Question:
With the possibilities of defense cuts, what are your opinions of Northrop Grumman Corporation (NYSE: NOC) and defense stocks in general? Also, what sector(s) do you like after the recent market drops?
Answer:
Northrop Grumman is a defense contractor that we own in our Traditional Portfolio. Of course, with the debt ceiling increase, there is a possibility that part of the $1.3 trillion in budget cuts—possibly up to half—could come from defense spending. It is definitely a dark cloud over defense contractors.
However, we have been here previously. The United States understands the need to maintain a strong military, and Northrop Grumman is one of the premiere contactors. The stock is cheap currently, considering the company has some long-term contracts that are high earners for the company. If you own Northrop Grumman, it should be good to hold. If you do not own it, you may consider buying shares.
If the defense contractors were hit with defense cuts, we feel Northrop Grumman would be one of the companies that would survive by finding alternative revenues. We like the stock as the company has provided good guidance, and the stock is cheap, trading at seven times earnings.

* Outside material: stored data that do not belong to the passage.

(* Pick an [l]-dimensional subspace [W] of [V] that is totally isotropic for every
   [M_i]: each (skew-)symmetric form halves the dimension, so [2^s l] is enough.  The
   rank hypothesis makes [V M_1^T + ... + V M_s^T] direct with every [M_i^T] injective
   on [V], so the [s l] columns of [M_i W^T] are independent and annihilated by [W].
   A basis adapted to [W], to these columns and to a complement puts every
   [g M_i g^T] in the stated shape except in the lower right [(N - l) x (N - l)]
   block; congruence by [diag(c^-1 Id_l, c Id_(N-l))] multiplies that block by [c^2]
   and leaves the rest unchanged, so the orbit contains a punctured line through the
   truncated tuple, which therefore lies in its Zariski closure. *)

From HB Require Import structures.
From mathcomp Require Import all_boot all_order all_algebra.
From mathcomp Require Import zify ring.
From Stdlib Require Import FunctionalExtensionality.
Import Order.TTheory GRing.Theory Num.Theory.
Local Open Scope ring_scope.

Set Implicit Arguments.
Unset Strict Implicit.
Unset Printing Implicit Defensive.

Section ZariskiClosureOfLines.
Variable R : numDomainType.

Fixpoint pexpr_on_line (V : Type) (a z : V -> R) (P : pexpr V R) : {poly R} :=
  match P with
  | PVar v => (a v)%:P + (z v)%:P * 'X
  | PConst c => c%:P
  | PAdd P1 P2 => pexpr_on_line a z P1 + pexpr_on_line a z P2
  | PMul P1 P2 => pexpr_on_line a z P1 * pexpr_on_line a z P2
  end.

Lemma horner_pexpr_on_line V (a z : V -> R) P t :
  (pexpr_on_line a z P).[t] = peval (fun v => a v + t * z v) P.
Proof.
elim: P => [v|c|P1 IH1 P2 IH2|P1 IH1 P2 IH2] /=.
- by rewrite hornerD hornerM hornerX !hornerC mulrC.
- by rewrite hornerC.
- by rewrite hornerD IH1 IH2.
- by rewrite hornerM IH1 IH2.
Qed.

(* A polynomial vanishing on the punctured line vanishes at [t = 1, 2, 3, ...],
   hence identically, in particular at [t = 0]. *)
Lemma zariski_closure_line V (S : (V -> R) -> Prop) (a z : V -> R) :
  (forall t, t != 0 -> S (fun v => a v + t * z v)) -> zariski_closure S a.
Proof.
move=> Sline P PS; set Q := pexpr_on_line a z P.
have Q0 : Q = 0.
  apply: (@roots_geq_poly_eq0 _ _ (mkseq (fun n => n.+1%:R) (size Q))).
  - apply/allP => _ /mapP [n _ ->].
    by rewrite /root horner_pexpr_on_line PS //; apply: Sline; rewrite pnatr_eq0.
  - by apply: mkseq_uniq => m n /eqP; rewrite eqr_nat eqSS => /eqP.
  - by rewrite size_mkseq.
have := horner_pexpr_on_line a z P 0; rewrite -/Q Q0 horner0 => ->.
by congr peval; apply: functional_extensionality => v; rewrite mul0r addr0.
Qed.

End ZariskiClosureOfLines.

Section ShiftMatrices.
Variable R : nzRingType.

Definition shift_mx n a m : 'M[R]_(n, m) := \matrix_(j, k) ((j : nat) == a + k)%N%:R.

Lemma mul_shift_mxE m n a p (A : 'M[R]_(m, n)) i (k : 'I_p) (t : 'I_n) :
  t = (a + k)%N :> nat -> (A *m shift_mx n a p) i k = A i t.
Proof.
move=> tE; rewrite mxE (bigD1 t) //= mxE -tE eqxx mulr1 big1 ?addr0 // => u ut.
by rewrite mxE -tE (val_eqE u t) (negbTE ut) mulr0.
Qed.

Lemma shift_mx_mul n a m b p : (b + p <= m)%N ->
  shift_mx n a m *m shift_mx m b p = shift_mx n (a + b) p.
Proof.
move=> bpm; apply/matrixP => j k.
have bk : (b + k < m)%N by move: (ltn_ord k); lia.
by rewrite (mul_shift_mxE _ _ (t := Ordinal bk)) // !mxE addnA.
Qed.

Lemma tr_shift_mx_mul n a m b p : (b + p <= n)%N ->
  (shift_mx n a m)^T *m shift_mx n b p = \matrix_(i, j) (a + i == b + j)%N%:R.
Proof.
move=> bpn; apply/matrixP => i j.
have bj : (b + j < n)%N by move: (ltn_ord j); lia.
by rewrite (mul_shift_mxE _ _ (t := Ordinal bj)) // !mxE eq_sym.
Qed.

Lemma tr_shift_mx_mul_id n a m : (a + m <= n)%N ->
  (shift_mx n a m)^T *m shift_mx n a m = 1%:M.
Proof.
by move=> amn; rewrite tr_shift_mx_mul //; apply/matrixP => i j; rewrite !mxE eqn_add2l.
Qed.

Lemma tr_shift_mx_mul_disjoint n a m b p :
  (b + p <= n)%N -> ((a + m <= b) || (b + p <= a))%N ->
  (shift_mx n a m)^T *m shift_mx n b p = 0.
Proof.
move=> bpn disj; rewrite tr_shift_mx_mul //; apply/matrixP => i j; rewrite !mxE.
by have /negbTE-> : (a + i != b + j)%N by move: (ltn_ord i) (ltn_ord j); lia.
Qed.

Lemma rV_shift_blocks_eq0 s l (v : 'rV[R]_(s * l)) :
  (forall i : 'I_s, v *m shift_mx (s * l) (i * l) l = 0) -> v = 0.
Proof.
move=> vblocks; apply/rowP => t; rewrite mxE.
have l0 : (0 < l)%N by have := ltn_ord t; nia.
have ts : (t %/ l < s)%N by rewrite ltn_divLR.
have tl : (t %% l < l)%N by rewrite ltn_mod.
have /matrixP/(_ 0 (Ordinal tl)) := vblocks (Ordinal ts).
by rewrite (mul_shift_mxE _ _ (t := t)) /= -?divn_eq // mxE.
Qed.

Definition trunc_mx l n (A : 'M[R]_n) : 'M[R]_n :=
  \matrix_(j, k) if (l <= j)%N && (l <= k)%N then 0 else A j k.

Lemma trmx_trunc l n (A : 'M[R]_n) : (trunc_mx l A)^T = trunc_mx l A^T.
Proof. by apply/matrixP => j k; rewrite !mxE andbC. Qed.

Lemma trunc_mxN l n (A : 'M[R]_n) : trunc_mx l (- A) = - trunc_mx l A.
Proof. by apply/matrixP => j k; rewrite !mxE; case: ifP; rewrite ?oppr0. Qed.

End ShiftMatrices.
Arguments shift_mx {R} n a m.

Lemma mx11_eq0 (R : nzRingType) (X : 'M[R]_1) : X 0 0 = 0 -> X = 0.
Proof. by move=> X0; apply/matrixP => i j; rewrite !ord1 X0 mxE. Qed.

Lemma trmx11 (R : nzRingType) (X : 'M[R]_1) : X^T = X.
Proof. by apply/matrixP => i j; rewrite !ord1 mxE. Qed.

Definition sym_or_skew (R : nzRingType) n (A : 'M[R]_n) := A^T = A \/ A^T = - A.

Lemma sym_alt_tuple_sym_or_skew (R : nzRingType) p q N (M : 'I_(p + q) -> 'M[R]_N) :
  sym_alt_tuple M -> forall i, sym_or_skew (M i).
Proof. by move=> symM i; rewrite /sym_or_skew; have := symM i; case: ifP; [left|right]. Qed.

Lemma sym_alt_tuple_congr_trunc (R : comNzRingType) p q N l
    (M : 'I_(p + q) -> 'M[R]_N) (G : 'M[R]_N) :
  sym_alt_tuple M -> sym_alt_tuple (fun i => trunc_mx l (G *m M i *m G^T)).
Proof.
move=> symM i; rewrite trmx_trunc !trmx_mul trmxK mulmxA.
by have := symM i; case: ifP => _ ->; rewrite ?mulmxN ?mulNmx ?trunc_mxN.
Qed.

Section IsotropicSubspaces.
Variables (C : numClosedFieldType) (n : nat).
Implicit Types A : 'M[C]_n.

It also pays a dividend of 4%.
As far as other sectors, we are overweight in Consumer Staples. Our initial reason was because these companies have an easier time passing along higher prices to consumers. It is a defensive sector that should hold up well in the current environment. Additionally, they are cheap, and generally pay a good dividend. In that sector, we like names, such as, Kimberly-Clark Corp. (NYSE: KMB), Church & Dwight Co., Inc. (NYSE: CHD), The Procter & Gamble Company (NYSE: PG), PepsiCo, Inc. (NYSE: PEP) and even The Coca-Cola Company (NYSE: KO). Information Technology has also acted as a good defensive play, with names like Apple Inc. (NASDAQ: AAPL) and Oracle Corp. (NASDAQ: ORCL).
We are slightly underweight in Consumer Discretionary as commodity costs have affected them. With the nature of their businesses, they have a tough time controlling costs. They cannot pass along higher prices to consumers, as easily as some other sectors.
Given the recent sell-off, there really is not a lot we would avoid. We consider a universe of 700 stocks, and about 300 of those are trading for a PEG ratio below 1. More than 400 stocks in our universe offer a dividend yield near 3%. We have seen the recent sell-off create some good values in the market.